Casi una treintena de ilustraciones en blanco y negro perlan sus páginas. Corresponden a pinturas, grabados y litografías decimonónicas, que tuvieron gran influencia en la iconografía posterior del Cantar. Es en los pies de alguna de ellas donde he encontrado el único aspecto cuestionable de esta edición, al emplearse el término “fue asesinado” cuando lo más correcto hubiera sido, en mi opinión, emplear -como sí se hace en los títulos de los capítulos- “fue muerto”.

 

Primera página del manuscrito ‘C’ del Cantar.

Jesús García Rodríguez (Madrid, 1967) comenzó estudios de Filología Clásica en la Universidad Autónoma y concluyó la licenciatura en Filología Alemana en la Universidad Complutense de Madrid en 1991. A continuación completó estudios de Traducción e Interpretación de posgrado en el Instituto Universitario de Lengua Modernas y Traductores (IULMyT) de la Universidad Complutense, obteniendo el grado de Magíster en Traducción de Alemán en 1996. Ese mismo año obtuvo el título de Traductor e Intérprete Jurado de Alemán expedido por el Ministerio de Asuntos Exteriores de España. Realizó estudios de doctorado en Ciencias de las Religiones, obteniendo el Diploma de Estudios Avanzados en esa disciplina con una tesina sobre El sacrificio humano entre los germanos: textos e interpretación en 2005.

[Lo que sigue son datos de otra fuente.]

(* Let $I_n=[0,1]^n$ and let $C(I_n)$ denote the space of continuous real-valued functions on $I_n$. Interpretable Continuous Control Trees (ICCTs), as defined in the context, are dense in $C(I_n)$ with respect to the supremum norm. That is, for every $f\in C(I_n)$ and every $\epsilon>0$ there exists an ICCT $I:\mathbb{R}^n\to\mathbb{R}$ such that $|I(x)-f(x)|<\epsilon$ for all $x\in I_n$.
   Context: An Interpretable Continuous Control Tree (ICCT) with input $x=(x^1,\dots,x^n)\in\mathbb{R}^n$ and scalar output is a binary tree of arbitrary (finite) depth in which every internal (decision) node $i$ carries a coordinate index $k_i\in\{1,\dots,n\}$, a nonzero weight $w_i\in\mathbb{R}$, a threshold $b_i\in\mathbb{R}$ and a steepness $\alpha\neq 0$, and evaluates the crisp (Boolean) test $\mathbbm{1}(\alpha(w_i x^{k_i}-b_i)>0)$; the input is routed to the left child if the test is true and to the right child otherwise, starting from the root, until a leaf is reached. Each leaf $d$ carries an affine controller $l_d(x)=(\vec u_d\circ\vec\beta_d)^T(\vec u_d\circ x)+\vec u_d^T\vec\phi_d$, where $\vec\beta_d,\vec\phi_d\in\mathbb{R}^n$ and $\vec u_d\in\{0,1\}^n$ is a selection vector of active features (the case $\vec u_d=0$ with a constant output, i.e. a static leaf value, is allowed). The output $I(x)$ is the value $l_d(x)$ of the leaf $d$ reached by $x$. Equivalently, $I(x)=\sum_{d} l_d(x)\prod_{\text{nodes on path to }d}(\text{indicator or its complement})$, a sum over leaves of the leaf value times the product of the hard decision outcomes along the path. *)

From HB Require Import structures.
From mathcomp Require Import all_boot all_order all_algebra.
From mathcomp Require Import all_classical all_reals all_analysis.
Set Implicit Arguments. Unset Strict Implicit. Unset Printing Implicit Defensive.
Import Order.TTheory GRing.Theory Num.Theory.
Local Open Scope ring_scope.

Inductive icct (R : realType) (n : nat) : Type :=
  (* affine leaf controller: beta, phi in R^n, selection vector u in {0,1}^n *)
  | ILeaf of 'rV[R]_n & 'rV[R]_n & ('I_n -> bool)
  (* static leaf (u_d = 0 with a constant output value) *)
  | IConst of R
  (* decision node: feature k, weight w, threshold b, steepness alpha,
     left child (test true), right child (test false) *)
  | INode of 'I_n & R & R & R & icct R n & icct R n.

Arguments ILeaf {R n}. Arguments IConst {R n}. Arguments INode {R n}.

Fixpoint icct_wf (R : realType) (n : nat) (t : icct R n) : Prop :=
  match t with
  | ILeaf _ _ _ => True
  | IConst _ => True
  | INode _ w _ alpha l r => w != 0 /\ alpha != 0 /\ icct_wf l /\ icct_wf r
  end.

Definition leaf_val (R : realType) (n : nat) (beta phi : 'rV[R]_n)
    (u : 'I_n -> bool) (x : 'rV[R]_n) : R :=
  \sum_(i < n) ((u i)%:R * beta ord0 i) * ((u i)%:R * x ord0 i)
  + \sum_(i < n) (u i)%:R * phi ord0 i.

(* crisp evaluation: route left iff alpha (w x^k - b) > 0 *)
Fixpoint icct_eval (R : realType) (n : nat) (t : icct R n) (x : 'rV[R]_n) : R :=
  match t with
  | ILeaf beta phi u => leaf_val beta phi u x
  | IConst c => c
  | INode k w b alpha l r =>
      if 0 < alpha * (w * x ord0 k - b) then icct_eval l x else icct_eval r x
  end.

Definition unit_cube (R : realType) (n : nat) : set 'rV[R]_n :=
  [set x | forall i : 'I_n, 0 <= x ord0 i <= 1].
Arguments unit_cube R n : clear implicits.

From HB Require Import structures.
From mathcomp Require Import all_boot all_order all_algebra.
From mathcomp Require Import all_classical all_reals all_analysis.
From mathcomp Require Import lra.
Set Implicit Arguments. Unset Strict Implicit. Unset Printing Implicit Defensive.
Import Order.TTheory GRing.Theory Num.Theory.
Import numFieldNormedType.Exports.
Local Open Scope ring_scope.
Local Open Scope classical_set_scope.

(* Since f is uniformly continuous on the compact cube, it suffices to
   approximate x by a grid point q with 0 <= x_i - q_i <= h for a step h below
   the modulus of continuity. A chain of crisp tests x_k > j h (j = m, ..., 1)
   snaps one coordinate to the grid; nesting one chain per coordinate and
   putting the constant leaf f(q) under every grid point q gives an ICCT whose
   value at x is f at the grid point just below x. *)

Lemma compact_unif_continuous_within (R : realType) (T U : pseudoMetricType R)
    (K : set T) (f : T -> U) :
  compact K -> {within K, continuous f} ->
  forall eps, 0 < eps -> exists2 d, 0 < d &
    forall x y, K x -> K y -> ball x d y -> ball (f x) eps (f y).
Proof.
move=> /compact_near_coveringP Kc fc eps eps0.
pose close d x := K x -> forall y, K y -> ball x d y -> ball (f x) eps (f y).
have : \forall d \near 0^'+, K `<=` close d.
  apply: Kc => x Kx.
  have /nbhs_ballP[r /= r0 fxr] : \forall t \near within K (nbhs x),
      ball (f x) (eps / 2) (f t).
    by apply: cvg_ball; [exact: (subspace_continuousP K f).1 | lra].
  near=> x' d => Kx' y Ky x'y.
  have xx' : ball x (r / 2) x' by near: x'; apply: nbhsx_ballx; lra.
  have dr : d <= r / 2 by near: d; apply: nbhs_right_le; lra.
  apply: (@ball_splitr _ _ (f x)); apply: fxr => //.
    by apply: le_ball xx'; lra.
  by apply: ball_split xx' _; exact: le_ball x'y.
move=> Kclose; near (0 : R)^'+ => d.
exists d; first by near: d; exact: nbhs_right_gt.
move=> x y Kx Ky; have : K `<=` close d by near: d; exact: Kclose.
by move=> /(_ x Kx Kx y Ky).
Unshelve. all: by end_near.
Qed.

Lemma rV_ballP (R : realType) n (x y : 'rV[R]_n) r :
  ball x r y <-> 0 < r /\ forall i, `|x ord0 i - y ord0 i| < r.
Proof.
rewrite /ball /= /mx_ball; split=> -[r0 xy]; split=> // i; first exact: xy.
by move=> j; rewrite [i]ord1; exact: xy.
Qed.

Lemma unit_cube_compact (R : realType) n : compact (unit_cube R n).
Proof.
exact: (@rV_compact _ n (fun=> `[0 : R, 1]%classic) (fun=> @segment_compact R 0 1)).
Qed.

Section GridTree.
Variables (R : realType) (n : nat) (h : R) (m : nat).
Hypothesis h_ge0 : 0 <= h.

Definition set_coord (p : 'rV[R]_n) (k : 'I_n) (v : R) : 'rV[R]_n :=
  \row_i (if i == k then v else p ord0 i).

Fixpoint threshold_chain (k : 'I_n) (j : nat) (cont : R -> icct R n) : icct R n :=
  match j with
  | 0%N => cont 0
  | j'.+1 => INode k 1 (j'.+1%:R * h) 1 (cont (j'.+1%:R * h)) (threshold_chain k j' cont)
  end.

Lemma threshold_chain_wf k j cont :
  (forall v, icct_wf (cont v)) -> icct_wf (threshold_chain k j cont).
Proof. by move=> cont_wf; elim: j => [|j IHj] //=; rewrite oner_neq0. Qed.

Lemma threshold_chain_eval k j cont (x : 'rV[R]_n) :
  0 <= x ord0 k <= j.+1%:R * h ->
  exists v, [/\ 0 <= v, v <= x ord0 k <= v + h &
    icct_eval (threshold_chain k j cont) x = icct_eval (cont v) x].
Proof.
elim: j => [|j IHj] /= /andP[xk0 xkj].
  by exists 0; rewrite xk0 add0r -[h]mul1r.
rewrite !mul1r subr_gt0; case: ltP => [jx|xj]; last exact/IHj/andP.
exists (j.+1%:R * h); split; [exact: mulr_ge0 | | by []].
by rewrite (ltW jx) (le_trans xkj) // -[j.+2]addn1 natrD mulrDl mul1r.
Qed.

Fixpoint grid_tree (g : 'rV[R]_n -> R) (ks : seq 'I_n) (p : 'rV[R]_n) : icct R n :=
  match ks with
  | [::] => IConst (g p)
  | k :: ks' => threshold_chain k m (fun v => grid_tree g ks' (set_coord p k v))
  end.

Lemma grid_tree_wf g ks p : icct_wf (grid_tree g ks p).
Proof. by elim: ks p => [|k ks IHks] p //=; apply: threshold_chain_wf. Qed.

Lemma grid_tree_eval g ks p (x : 'rV[R]_n) :
  (forall k, k \in ks -> 0 <= x ord0 k <= m.+1%:R * h) ->
  exists q, [/\ icct_eval (grid_tree g ks p) x = g q,
    forall i, i \in ks -> 0 <= q ord0 i /\ q ord0 i <= x ord0 i <= q ord0 i + h &
    forall i, i \notin ks -> q ord0 i = p ord0 i].
Proof.
elim: ks p => [|k ks IHks] p /= xks; first by exists p.
have [v [v0 vx ->]] := threshold_chain_eval
  (fun v => grid_tree g ks (set_coord p k v)) (xks k (mem_head k ks)).
have [|q [-> q_ks q_out]] := IHks (set_coord p k v).
  by move=> i iks; apply: xks; rewrite in_cons iks orbT.
exists q; split => // i; rewrite in_cons.
  case/orP => [/eqP ->|]; last exact: q_ks.
  have [/q_ks //|/q_out ->] := boolP (k \in ks).
  by rewrite mxE eqxx.
by rewrite negb_or => /andP[ik /q_out ->]; rewrite mxE (negbTE ik).
Qed.

End GridTree.

Theorem theorem1 (R : realType) (n : nat) (f : 'rV[R]_n -> R)
  (hf : {within unit_cube R n, continuous f}) (eps : R) (heps : 0 < eps) :
  exists t : icct R n, icct_wf t /\
    forall x, unit_cube R n x -> `|icct_eval t x - f x| < eps.
Proof.
have [d d0 f_unif] :=
  compact_unif_continuous_within (@unit_cube_compact R n) hf heps.
pose h := d / 2; pose m := Num.trunc h^-1.
have h0 : 0 < h by rewrite divr_gt0.
have cube_grid x : unit_cube R n x -> forall k, k \in enum 'I_n ->
    0 <= x ord0 k <= m.+1%:R * h.
  move=> x01 k _; have /andP[-> x1] := x01 k.
  by rewrite (le_trans x1) // -ler_pdivrMr // div1r ltW // truncnS_gt.
exists (grid_tree h m f (enum 'I_n) 0); split; first exact: grid_tree_wf.
move=> x x01; have [q [-> qx _]] := grid_tree_eval (ltW h0) f 0 (cube_grid x x01).
have q_near_x i : 0 <= q ord0 i /\ q ord0 i <= x ord0 i <= q ord0 i + h.
  exact: qx (mem_enum _ i).
apply: f_unif => //.
- move=> i; have [-> /andP[qxi _]] := q_near_x i.
  by have /andP[_ /(le_trans qxi) ->] := x01 i.
- apply/rV_ballP; split=> // i; have [_ /andP[qxi xqi]] := q_near_x i.
  rewrite distrC ger0_norm ?subr_ge0 // ltrBlDl (le_lt_trans xqi) // ltrD2l.
  by rewrite /h; lra.
Qed.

Ha residido en Alemania y Francia, y trabaja actualmente como traductor (alemán, inglés, francés, danés y sueco) y profesor de alemán en Escuelas Oficiales de Idioma de la Comunidad de Madrid. Ha traducido los libros Die Innenwelt der Aussenwelt der Innenwelt [El mundo interior del mundo exterior del mundo interior], de Peter Handke, Algabal de Stefan George, Antología, de Kurt Schwitters, L’’inventeur de l’amour [El inventor del amor] de Gherasim Luca, Don Juan und Faust, de C. D.Grabbe, Les Trophées, de José María de Heredia. Ha publicado además algunos libros de poesía (entre ellos Migración, 2015) y una novela (Mahadevi, 2010).